La versión que ahora se
representa en el Teatro Fernán Gómez del
Centro Cultural de la Villa de Madrid está dirigida por Francisco
Vidal, que ha dotado a la función de un cromatismo moderado, pero con
una clara influencia sureña, donde el hogar es el centro de un universo lleno
de grandes y pequeñas batallas, pero también ilusiones que precisan de sus
propias heroínas. En este caso Silvia Marsó, en el papel de Amanda
nos brinda una magnífica actuación basada en esa aflicción a la que el futuro
de sus hijos la condena, pero también, nos regala el brillo del recuerdo de un
pasado en que ella si fue feliz. Amanda
representa como nadie ese pasado que se fue y no volverá, y todo aquello que de
dañino tiene permanecer en él más tiempo de la cuenta. Silvia Marsó está
espléndida en este papel protagonista y a través de sus ojos, sus manos y sus
desvelos, nos trasladamos a ese interior abrasador del sur; una metáfora del
infierno humano que nos ha proporcionado no pocas obras maestras con el paso del
tiempo. Alejandro Arestegui, en el papel de Tom, el hijo mayor de Amanda,
se mueve con soltura por las tablas del escenario y alcanza, sin duda, sus
puntos más álgidos en los monólogos inicial y final, siendo este último, un
magnífico y bello ejemplo de plasticidad por la construcción de la escena, con Amanda en la puerta, Laura al inicio del escenario y el
propio Tom en un lateral, escondidos
los tres bajo una tenue luz que los acoge y que por sí sola representa ese
manto inmaculado de la dicha terrenal; un cuadro bellísimo. El elenco de actores
sobre el escenario se completa con Carlos García Cortázar, en el papel
de Jim, que es como esa bocanada de aire fresco y la posibilidad de una vida
mejor, y que de una forma cercana dota a Laura,
el personaje que interpreta una estupenda Pilar Gil de esa luz que va más allá
del reflejo de las figuritas de su particular zoo de cristal. En este sentido, Laura es esa gota transparente plena de inocencia
y bondad que nos conmueve y nos acerca a ella, y lo que representa, de un modo
especial, y a la que Pilar Gil interpreta magníficamente.

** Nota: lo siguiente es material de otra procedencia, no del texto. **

Lemma sc_co s t k : sc s t k != 0 -> co k = co t.
Proof.
have -> : mul (a s) (a t) = mul (mul (a s) (a t)) (e (co t)) by rewrite -amulA co_a.
by rewrite acoord_mule; case: (co k =P co t) => [//|_]; rewrite eqxx.
Qed.

Lemma sc_mid s t k : sc s t k != 0 -> ro t = co s.
Proof.
have -> : mul (a s) (a t) = mul (a s) (mul (e (co s)) (a t)) by rewrite amulA co_a.
by rewrite e_mul_a; case: (ro t =P co s) => [//|_]; rewrite amul0r acoord0 eqxx.
Qed.

Lemma sc_assoc s t u k L : uniq L ->
  (forall m, sc s t m != 0 -> m \in L) -> (forall m, sc t u m != 0 -> m \in L) ->
  \sum_(m <- L) sc s t m * sc m u k = \sum_(m <- L) sc t u m * sc s m k.
Proof.
move=> uL Lst Ltu.
rewrite -[LHS]acoord_sumZ -[RHS]acoord_sumZ.
under eq_bigr do rewrite -amulZl.
under [in RHS]eq_bigr do rewrite -amulZr.
by rewrite -amul_suml -amul_sumr -acoord_sum // -acoord_sum // amulA.
Qed.

Lemma fmul_terms_neq0 f g k p : fmul_terms mul a f g k p != 0 ->
  [/\ f p.1 != 0, g p.2 != 0 & sc p.1 p.2 k != 0].
Proof.
by rewrite /fmul_terms => Fp; split; apply: contraNneq Fp => ->;
  rewrite !(mul0r, mulr0).
Qed.

Lemma ldag_cover g S : ldag ro g ->
  exists T : seq J, forall s t, s \in S -> g t != 0 -> ro t = co s -> t \in T.
Proof.
move=> g_ldag.
have [T HT] := @cover_seq_union _ _ S (fun s t => g t != 0 /\ ro t = co s)
  (fun s _ => let: ex_intro T HT := g_ldag (co s) in
     ex_intro _ T (fun t (Ht : g t != 0 /\ ro t = co s) => HT t Ht.1 Ht.2)).
by exists T => s t Ss gt rt; apply: (HT s).
Qed.

Lemma fmulE f g k S T : uniq S -> uniq T ->
  (forall s t, fmul_terms mul a f g k (s, t) != 0 -> s \in S /\ t \in T) ->
  (f ** g) k = \sum_(s <- S) \sum_(t <- T) f s * g t * sc s t k.
Proof.
move=> uS uT ST; rewrite /fmul (@fsumE _ _ _ [seq (s, t) | s <- S, t <- T]).
  by rewrite undup_id ?big_allpairs // allpairs_uniq // => -[? ?] [? ?].
by move=> [s t] /ST [Ss Tt]; apply: allpairs_f.
Qed.

Lemma fin_supp_fmul_terms f g k :
  ldag ro f -> ldag ro g -> fin_supp (fmul_terms mul a f g k).
Proof.
move=> f_ldag g_ldag; have [S HS] := f_ldag (ro k); have [T HT] := ldag_cover S g_ldag.
exists [seq (s, t) | s <- S, t <- T] => -[s t] /fmul_terms_neq0 [fs gt st] /=.
have Ss : s \in S by apply: HS => //; rewrite (sc_ro st).
by apply: allpairs_f => //; apply: HT Ss gt (sc_mid st).
Qed.

Lemma ldag_fmul f g : ldag ro f -> ldag ro g -> ldag ro (f ** g).
Proof.
move=> f_ldag g_ldag i; have [S HS] := f_ldag i; have [T HT] := ldag_cover S g_ldag.
have [K HK] := @cover_seq_union _ _ [seq (s, t) | s <- S, t <- T]
  (fun p k => sc p.1 p.2 k != 0) (fun p _ => acoord_supp _).
exists K => k /fsum_neq0 [[s t] /fmul_terms_neq0 [fs gt st]] rk /=.
have Ss : s \in S by apply: HS => //; rewrite -(sc_ro st).
by apply: (HK (s, t)) => //; apply: allpairs_f => //; apply: HT Ss gt (sc_mid st).
Qed.

Lemma ldag0 : ldag ro (fun _ => 0 : R).
Proof. by move=> i; exists [::] => j; rewrite eqxx. Qed.

Lemma ldag_lin r f g : ldag ro f -> ldag ro g -> ldag ro (fun j => r * f j + g j).
Proof.
move=> f_ldag g_ldag i; have [s1 H1] := f_ldag i; have [s2 H2] := g_ldag i.
exists (s1 ++ s2) => j; rewrite mem_cat; case: (f j =P 0) => [->|/eqP fj _ rj].
  by rewrite mulr0 add0r => gj rj; rewrite H2 ?orbT.
by rewrite H1.
Qed.

Lemma fmul_linl r f g h : ldag ro f -> ldag ro g -> ldag ro h ->
  (fun j => r * f j + g j) ** h = fun k => r * (f ** h) k + (g ** h) k.
Proof.
move=> f_ldag g_ldag h_ldag; apply: functional_extensionality => k.
rewrite /fmul -fsum_lin; try exact: fin_supp_fmul_terms.
congr fsum.
by apply: functional_extensionality => p; rewrite /fmul_terms /= !mulrDl !mulrA.
Qed.

Lemma fmul_linr r f g h : ldag ro f -> ldag ro g -> ldag ro h ->
  h ** (fun j => r * f j + g j) = fun k => r * (h ** f) k + (h ** g) k.
Proof.
move=> f_ldag g_ldag h_ldag; apply: functional_extensionality => k.
rewrite /fmul -fsum_lin; try exact: fin_supp_fmul_terms.
congr fsum.
apply: functional_extensionality => p; rewrite /fmul_terms /=.
by rewrite mulrDr !mulrDl !mulrA [h p.1 * r]mulrC.
Qed.

Section Associativity.
Variables (f g h : J -> R) (k : J) (S1 S2 S3 M : seq J).
Hypotheses (S1_uniq : uniq S1) (S2_uniq : uniq S2) (S3_uniq : uniq S3)
  (M_uniq : uniq M).
Hypothesis S1_cover : forall s, f s != 0 -> ro s = ro k -> s \in S1.
Hypothesis S2_cover : forall s t, s \in S1 -> g t != 0 -> ro t = co s -> t \in S2.
Hypothesis S3_cover : forall t u, t \in S2 -> h u != 0 -> ro u = co t -> u \in S3.
Hypothesis M_cover12 : forall s t m, s \in S1 -> t \in S2 -> sc s t m != 0 -> m \in M.
Hypothesis M_cover23 : forall t u m, t \in S2 -> u \in S3 -> sc t u m != 0 -> m \in M.

Lemma fmulA_expandl : (f ** (g ** h)) k = \sum_(s <- S1) \sum_(m <- M)
  f s * (\sum_(t <- S2) \sum_(u <- S3) g t * h u * sc t u m) * sc s m k.
Proof.
rewrite (@fmulE _ _ _ S1 M) //; last first.
  move=> s m /fmul_terms_neq0 [fs /fsum_neq0 [[t u] /fmul_terms_neq0 [gt hu tu]] sm] /=.
  have S1s := S1_cover fs (esym (sc_ro sm)).
  have S2t := S2_cover S1s gt (etrans (esym (sc_ro tu)) (sc_mid sm)).
  by split => //; apply: M_cover23 S2t (S3_cover S2t hu (sc_mid tu)) tu.
apply: eq_big_seq => s S1s; apply: eq_bigr => m _.
case: (sc s m k =P 0) => [->|/eqP sm]; first by rewrite !mulr0.
congr (_ * _ * _); apply: fmulE => // t u /fmul_terms_neq0 [gt hu tu] /=.
have S2t := S2_cover S1s gt (etrans (esym (sc_ro tu)) (sc_mid sm)).
by split => //; apply: S3_cover S2t hu (sc_mid tu).
Qed.

Lemma fmulA_expandr : ((f ** g) ** h) k = \sum_(m <- M) \sum_(u <- S3)
  (\sum_(s <- S1) \sum_(t <- S2) f s * g t * sc s t m) * h u * sc m u k.
Proof.
rewrite (@fmulE _ _ _ M S3) //; last first.
  move=> m u /fmul_terms_neq0 [/fsum_neq0 [[s t] /fmul_terms_neq0 [fs gt st]] hu mu] /=.
  have S1s := S1_cover fs (etrans (esym (sc_ro st)) (esym (sc_ro mu))).
  have S2t := S2_cover S1s gt (sc_mid st).
  split; first exact: M_cover12 S1s S2t st.
  by apply: S3_cover S2t hu (etrans (sc_mid mu) (sc_co st)).
apply: eq_bigr => m _; apply: eq_bigr => u _.
case: (sc m u k =P 0) => [->|/eqP mu]; first by rewrite !mulr0.
congr (_ * _ * _); apply: fmulE => // s t /fmul_terms_neq0 [fs gt st] /=.
have S1s := S1_cover fs (etrans (esym (sc_ro st)) (esym (sc_ro mu))).
by split => //; apply: S2_cover S1s gt (sc_mid st).
Qed.

Lemma fmulA_on_covers : (f ** (g ** h)) k = ((f ** g) ** h) k.
Proof.
rewrite fmulA_expandl fmulA_expandr; apply: sum_reassoc => s t u S1s S2t S3u.
by apply: sc_assoc => // m; [apply: M_cover12 | apply: M_cover23].
Qed.

End Associativity.

Lemma fmulA f g h : ldag ro f -> ldag ro g -> ldag ro h ->
  f ** (g ** h) = (f ** g) ** h.
Proof.
move=> f_ldag g_ldag h_ldag; apply: functional_extensionality => k.
have [S1 H1] := f_ldag (ro k).
have [S2 H2] := ldag_cover (undup S1) g_ldag.
have [S3 H3] := ldag_cover (undup S2) h_ldag.
have [M HM] := @cover_seq_union _ _
  ([seq (s, t) | s <- undup S1, t <- undup S2] ++
   [seq (t, u) | t <- undup S2, u <- undup S3])
  (fun p m => sc p.1 p.2 m != 0) (fun p _ => acoord_supp _).
apply: (@fmulA_on_covers f g h k (undup S1) (undup S2) (undup S3) (undup M));
  rewrite ?undup_uniq //.
- by move=> s fs rs; rewrite mem_undup; apply: H1.
- by move=> s t S1s gt rt; rewrite mem_undup; apply: H2 S1s gt rt.
- by move=> t u S2t hu ru; rewrite mem_undup; apply: H3 S2t hu ru.
- move=> s t m S1s S2t st; rewrite mem_undup; apply: (HM (s, t)) st.
  by rewrite mem_cat allpairs_f.
- move=> t u m S2t S3u tu; rewrite mem_undup; apply: (HM (t, u)) tu.
  by rewrite mem_cat [X in _ || X]allpairs_f ?orbT.
Qed.

Lemma funit_neq0 j : funit a e j != 0 -> exists i, a j = e i.
Proof.
move=> /fsum_neq0 [i]; have [j' aj'] := e_in_basis i.
by rewrite -aj' acoord_basis; case: (j =P j') => [->|]; [exists i | rewrite eqxx].
Qed.

(* Over the zero ring all the a_j are 0, so the basis is injective only if 1 != 0. *)
Section NontrivialRing.
Hypothesis nontrivial_R : (1 : R) != 0.

Lemma a_inj : injective a.
Proof.
move=> s t ast; have := congr1 (acoord^~ s) ast; rewrite !acoord_basis eqxx /=.
by case: (s =P t) => // _ /eqP; rewrite (negbTE nontrivial_R).
Qed.

Lemma a_neq0 j : a j != 0.
Proof.
apply: contra_neq nontrivial_R => aj0.
by have := congr1 (acoord^~ j) aj0; rewrite acoord_basis acoord0 eqxx.
Qed.

Lemma e_inj : injective e.
Proof.
move=> i i' eii'; apply/eqP; apply: contraT => ii'.
have [j aj] := e_in_basis i; have := a_neq0 j.
have := e_orth i i'; rewrite (negbTE ii') -eii' e_orth eqxx => ei0.
by rewrite aj ei0 eqxx.
Qed.

Lemma funit_basis j i : a j = e i -> funit a e j = 1.
Proof.
move=> aj; rewrite /funit (@fsumE _ _ _ [:: i]) /= ?big_seq1.
  by rewrite -aj acoord_basis eqxx.
move=> i'; have [j' aj'] := e_in_basis i'; rewrite -aj' acoord_basis.
case: (j =P j') => [jj' _|_]; last by rewrite eqxx.
by rewrite (@e_inj i' i) ?mem_head // -aj' -jj' aj.
Qed.

End NontrivialRing.

Lemma ldag_funit : ldag ro (funit a e).
Proof.
have [/ring_trivial R1|nontrivial_R] := eqVneq (1 : R) 0.
  by move=> i; exists [::] => j; rewrite [funit a e j](R1 _ 0) eqxx.
move=> i; have [j0 aj0] := e_in_basis i; exists [:: j0].
move=> j /funit_neq0 [i' aj] rj.
have : a j = mul (e i) (e i') by rewrite -aj -rj ro_a.
rewrite e_orth; case: (i =P i') => [_|_].
  by rewrite -aj0 => /(a_inj nontrivial_R) ->; rewrite mem_head.
by move/eqP; rewrite (negbTE (a_neq0 _ j)).
Qed.

Lemma fmul_funitl f : funit a e ** f = f.
Proof.
apply: functional_extensionality => k.
have [/ring_trivial R1|nontrivial_R] := eqVneq (1 : R) 0; first exact: R1.
have [j0 aj0] := e_in_basis (ro k).
rewrite /fmul (@fsumE _ _ _ [:: (j0, k)]) /= ?big_seq1.
  by rewrite /fmul_terms /= (funit_basis nontrivial_R aj0) aj0 e_mul_a eqxx
    acoord_basis eqxx mul1r mulr1.
move=> [s t] /fmul_terms_neq0 [/funit_neq0 [i as_] _] /=.
rewrite as_ e_mul_a; case: (ro t =P i) => [rt|_]; last by rewrite acoord0 eqxx.
rewrite acoord_basis; case: (k =P t) => [kt _|_]; last by rewrite eqxx.
suff -> : s = j0 by rewrite kt mem_head.
by apply: (a_inj nontrivial_R); rewrite aj0 as_ -rt kt.
Qed.

Lemma fmul_funitr f : f ** funit a e = f.
Proof.
apply: functional_extensionality => k.
have [/ring_trivial R1|nontrivial_R] := eqVneq (1 : R) 0; first exact: R1.
have [j1 aj1] := e_in_basis (co k).
rewrite /fmul (@fsumE _ _ _ [:: (k, j1)]) /= ?big_seq1.
  by rewrite /fmul_terms /= (funit_basis nontrivial_R aj1) aj1 a_mul_e eqxx
    acoord_basis eqxx !mulr1.
move=> [s t] /fmul_terms_neq0 [_ /funit_neq0 [i at_]] /=.
rewrite at_ a_mul_e; case: (co s =P i) => [cs|_]; last by rewrite acoord0 eqxx.
rewrite acoord_basis; case: (k =P s) => [ks _|_]; last by rewrite eqxx.
suff -> : t = j1 by rewrite ks mem_head.
by apply: (a_inj nontrivial_R); rewrite aj1 at_ -cs ks.
Qed.

Lemma ldag_completion : fmul_welldef mul a (ldag ro) /\
  assoc_unital_alg (ldag ro) (fmul mul a) (funit a e).
Proof.
split=> [f g f_ldag g_ldag|].
  by split=> [k|]; [apply: fin_supp_fmul_terms | apply: ldag_fmul].
split; first exact: ldag0.
split; first exact: ldag_lin.
split; first exact: ldag_fmul.
split; first exact: fmulA.
split; first exact: fmul_linl.
split; first exact: fmul_linr.
by split=> [|f _]; [apply: ldag_funit | rewrite fmul_funitl fmul_funitr].
Qed.

End RowFiniteCompletion.

Section OppositeAlgebra.
Variables (R : comPzRingType) (A : lmodType R) (mul : A -> A -> A)
  (J : eqType) (a : J -> A).
Local Notation mulop := (fun x y => mul y x).

Lemma nu_algebra_op : nu_algebra mul -> nu_algebra mulop.
Proof. by case=> mA linl linr; split=> // x y z; rewrite mA. Qed.

Lemma orth_idem_op (I : eqType) (e : I -> A) : orth_idem mul e -> orth_idem mulop e.
Proof. by move=> e_orth i i'; rewrite e_orth eq_sym; case: eqP => [->|]. Qed.

Lemma fmul_terms_op (f g : J -> R) k :
  fmul_terms mul a f g k = fun p => fmul_terms mulop a g f k (p.2, p.1).
Proof.
by apply: functional_extensionality => p; rewrite /fmul_terms /= [g _ * _]mulrC.
Qed.

Lemma fmul_op (P : (J -> R) -> Prop) f g :
  fmul_welldef mulop a P -> P f -> P g -> fmul mul a f g = fmul mulop a g f.
Proof.
move=> wd Pf Pg; apply: functional_extensionality => k.
by rewrite /fmul fmul_terms_op fsum_swap //; apply: (wd g f Pg Pf).1.
Qed.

Y para cerrar la nómina de actores, no debemos olvidarnos de ese padre ausente
que, sin embargo, preside el escenario con una fotografía a modo de Cristo
redentor.
En definitiva, esta versión de El zoo
de cristal de Tennessee Williams es una magnífica ocasión de volver
a revisitar las obras del autor y las
ascuas más calientes del atormentado sur, que no son más que la prolongación de
las del resto del universo; un mundo, el que nos retrata el dramaturgo americano,
al que muy bien podríamos tildar como de la verdad con la apariencia de la
ilusión.
Ángel Silvelo Gabriel.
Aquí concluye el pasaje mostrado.